(Dataset entries)
From HB Require Import structures.
From mathcomp Require Import all_boot all_order all_algebra.
From mathcomp Require Import spectral sesquilinear complex.
From mathcomp Require Import ring lra.
Import Order.TTheory GRing.Theory Num.Theory.
Set Implicit Arguments. Unset Strict Implicit. Unset Printing Implicit Defensive.
Local Open Scope ring_scope.

(* Compare the objective at [Btilde] with its value at [B0], the restriction of
   [Bstar].  Expanding the quadratic part around [B0] and using that [Bstar] is
   supported on [Su x Sv], its gradient there is the restriction of
   [SigX Bstar SigY - SigXY]; with [D = Btilde - B0] this gives
     1/2 ||n^-1 X_Su D Y_Sv^T||_F^2 <= (||SigXY - SigX Bstar SigY||_inf + lambda) ||D||_1.
   The restricted Gram matrices have all eigenvalues at least [sigX], [sigY], so
   the left side is at least [sigX sigY ||D||_F^2 / 2], while Cauchy-Schwarz gives
   ||D||_1 <= sqrt(su sv) ||D||_F; dividing by ||D||_F concludes. *)

Section Selection.
Variable R : comPzRingType.

Definition selmx p (S : {set 'I_p}) : 'M[R]_(#|S|, p) :=
  \matrix_(k, i) (enum_val k == i)%:R.

Lemma sum_selmx p (S : {set 'I_p}) (k : 'I_#|S|) (F : 'I_p -> R) :
  \sum_i F i *+ (enum_val k == i) = F (enum_val k).
Proof.
rewrite (bigD1 (enum_val k)) //= eqxx big1 ?addr0 // => i /negbTE ki.
by rewrite eq_sym ki.
Qed.

Lemma subcolsE m p (S : {set 'I_p}) (X : 'M[R]_(m, p)) :
  subcols S X = X *m (selmx S)^T.
Proof.
apply/matrixP => i k; rewrite !mxE -(sum_selmx k (X i)).
by apply: eq_bigr => j _; rewrite !mxE mulr_natr.
Qed.

Lemma submatE p q (S1 : {set 'I_p}) (S2 : {set 'I_q}) (Z : 'M[R]_(p, q)) :
  submat S1 S2 Z = selmx S1 *m Z *m (selmx S2)^T.
Proof.
apply/matrixP => k l; rewrite !mxE -(sum_selmx l (Z (enum_val k))).
apply: eq_bigr => j _; rewrite !mxE mulr_natr -(sum_selmx k (Z^~ j)).
by congr (_ *+ _); apply: eq_bigr => i _; rewrite !mxE mulr_natl.
Qed.
(* Let $G=(V,E)$ be a finite, connected, simple, undirected graph with no isolated vertices, let $\alpha\in(0,1)$, and let $S\subset V$ be nonempty with $\mathrm{vol}(S)\le\mathrm{vol}(V)/2$. Then $$h_{S,\alpha}\ \le\ \frac{1-\alpha}{\alpha}\,\frac{d_{\mathrm{avg}}(S)}{d_{\min}(S)}\,h_S.$$
   Context: $A$ is the adjacency matrix and $D$ the diagonal degree matrix. The personalized PageRank diffusion matrix is $R_\alpha=\sum_{k=0}^\infty\alpha(1-\alpha)^k(D^{-1}A)^k$. $\mathrm{vol}(S)=\sum_{v\in S}d_v$; $\partial S$ is the set of edges with exactly one endpoint in $S$; $h_S=|\partial S|/\mathrm{vol}(S)$; $h_{S,\alpha}=\frac{1}{|S|}\sum_{i\in S,\ j\in V\setminus S}(R_\alpha)_{ij}$; $d_{\mathrm{avg}}(S)=\mathrm{vol}(S)/|S|$ and $d_{\min}(S)=\min_{v\in S}d_v$. *)

From HB Require Import structures.
From mathcomp Require Import all_boot all_order all_algebra.
From mathcomp Require Import all_classical all_reals.
From mathcomp Require Import topology normedtype sequences.
Set Implicit Arguments. Unset Strict Implicit. Unset Printing Implicit Defensive.
Import Order.TTheory GRing.Theory Num.Theory numFieldNormedType.Exports.
Local Open Scope ring_scope.

Section Graph.
Variable n : nat.
Variable e : rel 'I_n.+1.

Definition simple_graph : Prop := symmetric e /\ irreflexive e.
Definition connected_graph : Prop := forall x y : 'I_n.+1, connect e x y.
Definition deg (v : 'I_n.+1) : nat := #|[set u | e v u]|.
Definition no_isolated : Prop := forall v, (0 < deg v)%N.

Definition vol (S : {set 'I_n.+1}) : nat := \sum_(v in S) deg v.
(* |∂S| : edges with exactly one endpoint in S (each counted once, oriented out of S) *)
Definition boundary_size (S : {set 'I_n.+1}) : nat :=
  #|[set p : 'I_n.+1 * 'I_n.+1 | [&& e p.1 p.2, p.1 \in S & p.2 \notin S]]|.
Definition dmin (S : {set 'I_n.+1}) : nat := \big[minn/n.+1]_(v in S) deg v.

Variable R : realType.
Definition adj : 'M[R]_n.+1 := \matrix_(i, j) (e i j)%:R.
Definition degmx : 'M[R]_n.+1 := diag_mx (\row_i (deg i)%:R).
Definition walkmx : 'M[R]_n.+1 := invmx degmx *m adj.
Definition ppr (alpha : R) (i j : 'I_n.+1) : R :=
  limn (series ((fun k => alpha * (1 - alpha) ^+ k * (walkmx ^+ k) i j) : R^nat)).

Definition hS (S : {set 'I_n.+1}) : R := (boundary_size S)%:R / (vol S)%:R.
Definition hSalpha (alpha : R) (S : {set 'I_n.+1}) : R :=
  (#|S|%:R)^-1 * \sum_(i in S) \sum_(j in ~: S) ppr alpha i j.
Definition davg (S : {set 'I_n.+1}) : R := (vol S)%:R / (#|S|)%:R.
End Graph.

From HB Require Import structures.
From mathcomp Require Import all_boot all_order all_algebra.
From mathcomp Require Import all_classical all_reals.
From mathcomp Require Import topology normedtype sequences.
From mathcomp Require Import ring.
Set Implicit Arguments. Unset Strict Implicit. Unset Printing Implicit Defensive.
Import Order.TTheory GRing.Theory Num.Theory numFieldNormedType.Exports.
Local Open Scope ring_scope.

(* Let [walk_mass T k i] be the probability that the [k]-step random walk
   started at [i] ends in [T].  Walking one more step from [S], the mass that
   stays in [S] is dominated by the degrees (by symmetry of the edges), and the
   mass entering [V \ S] crosses a boundary edge, so the degree-weighted escape
   mass [\sum_(i in S) d_i walk_mass (~: S) k i] grows by at most [|∂S|] per
   step.  Hence [\sum_(i in S) walk_mass (~: S) k i <= k |∂S| / d_min(S)], and
   weighting by [alpha (1 - alpha)^k], with
   [\sum_k k alpha (1 - alpha)^k = (1 - alpha) / alpha], gives
   [|S| h_{S,alpha} <= (1 - alpha) / alpha * |∂S| / d_min(S)], which is the
   claim because [d_avg(S) h_S = |∂S| / |S|]. *)

Section RandomWalk.
Variables (R : realType) (n : nat) (e : rel 'I_n.+1).
Hypothesis no_iso : no_isolated e.

Lemma deg_sum i : (deg e i)%:R = \sum_l (e i l)%:R :> R.
Proof.
rewrite /deg -sum1_card natr_sum big_mkcond /=; apply: eq_bigr => l _.
by rewrite inE; case: (e i l).
Qed.

Lemma deg_neq0 i : (deg e i)%:R != 0 :> R.
Proof. by rewrite pnatr_eq0 -lt0n no_iso. Qed.

Lemma walkmxE i j : walkmx e R i j = (e i j)%:R / (deg e i)%:R.
Proof.
have degmx_unit : degmx e R \in unitmx.
  rewrite unitmxE det_diag unitfE; apply/prodf_neq0 => k _.
  by rewrite mxE deg_neq0.
have : degmx e R *m walkmx e R = adj e R by rewrite /walkmx mulKVmx.
move=> /(congr1 (fun M : 'M_n.+1 => M i j)).
rewrite /degmx mul_diag_mx !mxE => <-.
by rewrite mulrC mulKf // deg_neq0.
Qed.

Lemma walkmx_ge0 i j : 0 <= walkmx e R i j.
Proof. by rewrite walkmxE divr_ge0 // ler0n. Qed.

Lemma walkmx_row_sum i : \sum_l walkmx e R i l = 1.
Proof.
under eq_bigr do rewrite walkmxE.
by rewrite -mulr_suml -deg_sum mulfV // deg_neq0.
Qed.

Definition walk_mass (T : {set 'I_n.+1}) k i : R :=
  \sum_(j in T) (walkmx e R ^+ k) i j.

Lemma walk_mass0 T i : walk_mass T 0 i = (i \in T)%:R.
Proof.
rewrite /walk_mass expr0; under eq_bigr do rewrite mxE.
rewrite (big_mkcond (fun j => j \in T)) (bigD1 i) //= big1 ?addr0 => [|j ji].
  by rewrite eqxx; case: (i \in T).
by rewrite eq_sym (negbTE ji); case: (j \in T).
Qed.

Lemma walk_massS T k i :
  walk_mass T k.+1 i = \sum_l walkmx e R i l * walk_mass T k l.
Proof.
rewrite /walk_mass exprS -mulmxE; under eq_bigr do rewrite mxE.
by rewrite exchange_big /=; apply: eq_bigr => l _; rewrite mulr_sumr.
Qed.

Lemma walk_mass_bounds T k i : 0 <= walk_mass T k i <= 1.
Proof.
elim: k i => [|k IH] i.
  by rewrite walk_mass0; case: (i \in T); rewrite ?ler01 ?lexx.
rewrite walk_massS; apply/andP; split.
  apply: sumr_ge0 => l _; apply: mulr_ge0; first exact: walkmx_ge0.
  by case/andP: (IH l).
rewrite -(walkmx_row_sum i); apply: ler_sum => l _.
rewrite -[leRHS]mulr1; apply: ler_wpM2l; first exact: walkmx_ge0.
by case/andP: (IH l).
Qed.

Lemma walkmxX_bounds k i j : 0 <= (walkmx e R ^+ k) i j <= 1.
Proof. by have := walk_mass_bounds [set j] k i; rewrite /walk_mass big_set1. Qed.

Hypothesis e_sym : symmetric e.
Variable S : {set 'I_n.+1}.

Lemma boundary_sizeE :
  (boundary_size e S)%:R = \sum_(i in S) \sum_(l | l \notin S) (e i l)%:R :> R.
Proof.
rewrite /boundary_size -sum1_card natr_sum pair_big_dep /=.
rewrite big_mkcond [RHS]big_mkcond /=; apply: eq_bigr => p _; rewrite inE.
by case: (e p.1 p.2); case: (p.1 \in S); case: (p.2 \in S).
Qed.

Lemma sum_deg_walk_massS_le k :
  \sum_(i in S) (deg e i)%:R * walk_mass (~: S) k.+1 i <=
  \sum_(i in S) (deg e i)%:R * walk_mass (~: S) k i + (boundary_size e S)%:R.
Proof.
set m := walk_mass (~: S) k.
have mass_ge0 l : 0 <= m l by case/andP: (walk_mass_bounds (~: S) k l).
have -> : \sum_(i in S) (deg e i)%:R * walk_mass (~: S) k.+1 i =
    \sum_(i in S) \sum_(l in S) (e i l)%:R * m l +
    \sum_(i in S) \sum_(l | l \notin S) (e i l)%:R * m l.
  rewrite -big_split /=; apply: eq_bigr => i _.
  rewrite walk_massS mulr_sumr (bigID (mem S)) /=.
  by congr (_ + _); apply: eq_bigr => l _;
    rewrite walkmxE mulrA mulrCA mulfV ?mulr1 // deg_neq0.
apply: lerD.
  rewrite exchange_big /=; apply: ler_sum => l _.
  rewrite -mulr_suml; apply: ler_wpM2r => //.
  rewrite deg_sum; under [leRHS]eq_bigr do rewrite e_sym.
  rewrite [leRHS](bigID (mem S)) /= lerDl.
  by apply: sumr_ge0 => *; rewrite ler0n.
rewrite boundary_sizeE; apply: ler_sum => i _; apply: ler_sum => l _.
rewrite -[leRHS]mulr1; apply: ler_wpM2l; first by rewrite ler0n.
by case/andP: (walk_mass_bounds (~: S) k l).
Qed.

Lemma sum_deg_walk_mass_le k :
  \sum_(i in S) (deg e i)%:R * walk_mass (~: S) k i <=
  k%:R * (boundary_size e S)%:R.
Proof.
elim: k => [|k IH].
  rewrite mul0r big1 // => i iS.
  by rewrite walk_mass0 inE iS mulr0.
apply: le_trans (sum_deg_walk_massS_le k) _.
by rewrite -natr1 mulrDl mul1r lerD2r.
Qed.

Lemma dmin_le i : i \in S -> (dmin e S <= deg e i)%N.
Proof. by move=> iS; have := bigmin_le_cond n.+1 (deg e) iS; rewrite minEnat. Qed.

Lemma dmin_gt0 : (0 < dmin e S)%N.
Proof.
rewrite /dmin; apply: (big_ind (fun x => 0 < x)%N) => // x y.
by rewrite leq_min => -> ->.
Qed.

Lemma sum_walk_mass_le k :
  \sum_(i in S) walk_mass (~: S) k i <=
  k%:R * (boundary_size e S)%:R / (dmin e S)%:R.
Proof.
rewrite ler_pdivlMr ?ltr0n ?dmin_gt0 // mulrC mulr_sumr.
apply: le_trans (sum_deg_walk_mass_le k); apply: ler_sum => i iS.
apply: ler_wpM2r; first by case/andP: (walk_mass_bounds (~: S) k i).
by rewrite ler_nat dmin_le.
Qed.

End RandomWalk.

Section GeometricSums.
Variable R : comPzRingType.

Lemma geometric_sum_mul (a : R) N :
  a * \sum_(0 <= k < N) (1 - a) ^+ k = 1 - (1 - a) ^+ N.
Proof.
elim: N => [|N IH]; first by rewrite big_geq // mulr0 expr0 subrr.
by rewrite big_nat_recr //= mulrDr IH exprSr; ring.
Qed.

Lemma arithmetico_geometric_sum_mul (a : R) N :
  a ^+ 2 * \sum_(0 <= k < N) k%:R * (1 - a) ^+ k =
  (1 - a) - (1 - a) ^+ N * (a * N%:R + (1 - a)).
Proof.
elim: N => [|N IH].
  by rewrite big_geq // mulr0 expr0 mul1r mulr0 add0r subrr.
by rewrite big_nat_recr //= mulrDr IH [(1 - a) ^+ N.+1]exprSr -natr1; ring.
Qed.

End GeometricSums.

Section PersonalizedPageRank.
Local Open Scope classical_set_scope.
Variables (R : realType) (n : nat) (e : rel 'I_n.+1) (alpha : R).
Hypotheses (no_iso : no_isolated e) (e_sym : symmetric e).
Hypotheses (alpha_gt0 : 0 < alpha) (alpha_le1 : alpha <= 1).

Let q := 1 - alpha.
Let ppr_term i j k := alpha * q ^+ k * (walkmx e R ^+ k) i j.

Let q_ge0 : 0 <= q. Proof. by rewrite subr_ge0. Qed.

Let ppr_weight_ge0 k : 0 <= alpha * q ^+ k.
Proof. by rewrite mulr_ge0 ?exprn_ge0 // ltW. Qed.

Lemma is_cvg_ppr_series i j : cvgn (series (ppr_term i j)).
Proof.
have term_ge0 k : 0 <= ppr_term i j k.
  by rewrite mulr_ge0 //; case/andP: (walkmxX_bounds R no_iso k i j).
apply: nondecreasing_is_cvgn.
  exact: (@nondecreasing_series _ _ predT 0%N (fun k _ _ => term_ge0 k)).
exists 1 => _ [N _ <-].
apply: (@le_trans _ _ (alpha * \sum_(0 <= k < N) q ^+ k)).
  rewrite /series /= mulr_sumr; apply: ler_sum => k _.
  rewrite /ppr_term -[leRHS]mulr1 ler_wpM2l //.
  by case/andP: (walkmxX_bounds R no_iso k i j).
by rewrite geometric_sum_mul gerBl exprn_ge0.
Qed.

Lemma sum_ppr_out_le (S : {set 'I_n.+1}) :
  \sum_(i in S) \sum_(j in ~: S) ppr e alpha i j <=
  q / alpha * ((boundary_size e S)%:R / (dmin e S)%:R).
Proof.
set B : R := (boundary_size e S)%:R; set dm : R := (dmin e S)%:R.
have dm_gt0 : 0 < dm by rewrite ltr0n dmin_gt0.
have partial_cvg : (\sum_(i in S) \sum_(j in ~: S) series (ppr_term i j) N)
    @[N --> \oo] --> \sum_(i in S) \sum_(j in ~: S) ppr e alpha i j.
  apply: cvg_big => [|i _]; first exact: add_continuous.
  apply: cvg_big => [|j _]; first exact: add_continuous.
  exact: is_cvg_ppr_series.
rewrite -(cvg_lim _ partial_cvg); last exact: Rhausdorff.
apply: limr_le; first by apply/cvg_ex; eexists; exact: partial_cvg.
apply: nearW => N.
have -> : \sum_(i in S) \sum_(j in ~: S) series (ppr_term i j) N =
    \sum_(0 <= k < N) alpha * q ^+ k * \sum_(i in S) walk_mass R e (~: S) k i.
  rewrite /series /=; under eq_bigr do rewrite exchange_big /=.
  rewrite exchange_big /=; apply: eq_bigr => k _.
  by rewrite mulr_sumr; apply: eq_bigr => i _; rewrite mulr_sumr.
apply: le_trans (_ : \sum_(0 <= k < N) alpha * q ^+ k * (k%:R * B / dm) <= _).
  by apply: ler_sum => k _; rewrite ler_wpM2l ?sum_walk_mass_le.
have -> : \sum_(0 <= k < N) alpha * q ^+ k * (k%:R * B / dm) =
    B / dm / alpha * (alpha ^+ 2 * \sum_(0 <= k < N) k%:R * q ^+ k).
  by rewrite !mulr_sumr; apply: eq_bigr => k _; field; rewrite !gt_eqF.
rewrite arithmetico_geometric_sum_mul -/q.
have -> : q / alpha * (B / dm) = B / dm / alpha * q by rewrite mulrC mulrA mulrAC.
rewrite ler_wpM2l ?divr_ge0 ?ler0n ?(ltW dm_gt0) ?(ltW alpha_gt0) // gerBl.
by rewrite mulr_ge0 ?exprn_ge0 // addr_ge0 // mulr_ge0 ?ler0n // ltW.
Qed.

End PersonalizedPageRank.

Theorem theorem6 (R : realType) (n : nat) (e : rel 'I_n.+1)
  (Hsimple : simple_graph e) (Hconn : connected_graph e) (Hiso : no_isolated e)
  (alpha : R) (Ha0 : 0 < alpha) (Ha1 : alpha < 1)
  (S : {set 'I_n.+1}) (HS : (0 < #|S|)%N)
  (Hvol : ((vol e S)%:R : R) <= (vol e [set: 'I_n.+1])%:R / 2) :
  hSalpha e alpha S <=
    (1 - alpha) / alpha * (davg e R S / (dmin e S)%:R) * hS e R S.
Proof.
have [e_sym _] := Hsimple.
have [v vS] : exists v, v \in S by apply/card_gt0P.
have vol_gt0 : 0 < ((vol e S)%:R : R).
  by rewrite ltr0n /vol (bigD1 v) //= (leq_trans (Hiso v) (leq_addr _ _)).
have card_gt0 : 0 < (#|S|%:R : R) by rewrite ltr0n.
have dmin_gt0 : 0 < ((dmin e S)%:R : R) by rewrite ltr0n dmin_gt0.
rewrite /hSalpha /hS /davg.
apply: le_trans (_ : _ <= #|S|%:R^-1 * ((1 - alpha) / alpha *
  ((boundary_size e S)%:R / (dmin e S)%:R))) _.
  by rewrite ler_wpM2l ?invr_ge0 ?(ltW card_gt0) ?sum_ppr_out_le ?ltW.
by rewrite le_eqVlt; apply/orP; left; apply/eqP; field; rewrite !gt_eqF.
Qed.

Exercise –
Print only these lines, please. They run from the start of the entries above to the line containing "supported on [Su", both ends included, and must match exactly.

Problem solution –
From HB Require Import structures.
From mathcomp Require Import all_boot all_order all_algebra.
From mathcomp Require Import spectral sesquilinear complex.
From mathcomp Require Import ring lra.
Import Order.TTheory GRing.Theory Num.Theory.
Set Implicit Arguments. Unset Strict Implicit. Unset Printing Implicit Defensive.
Local Open Scope ring_scope.

(* Compare the objective at [Btilde] with its value at [B0], the restriction of
   [Bstar].  Expanding the quadratic part around [B0] and using that [Bstar] is
   supported on [Su x Sv], its gradient there is the restriction of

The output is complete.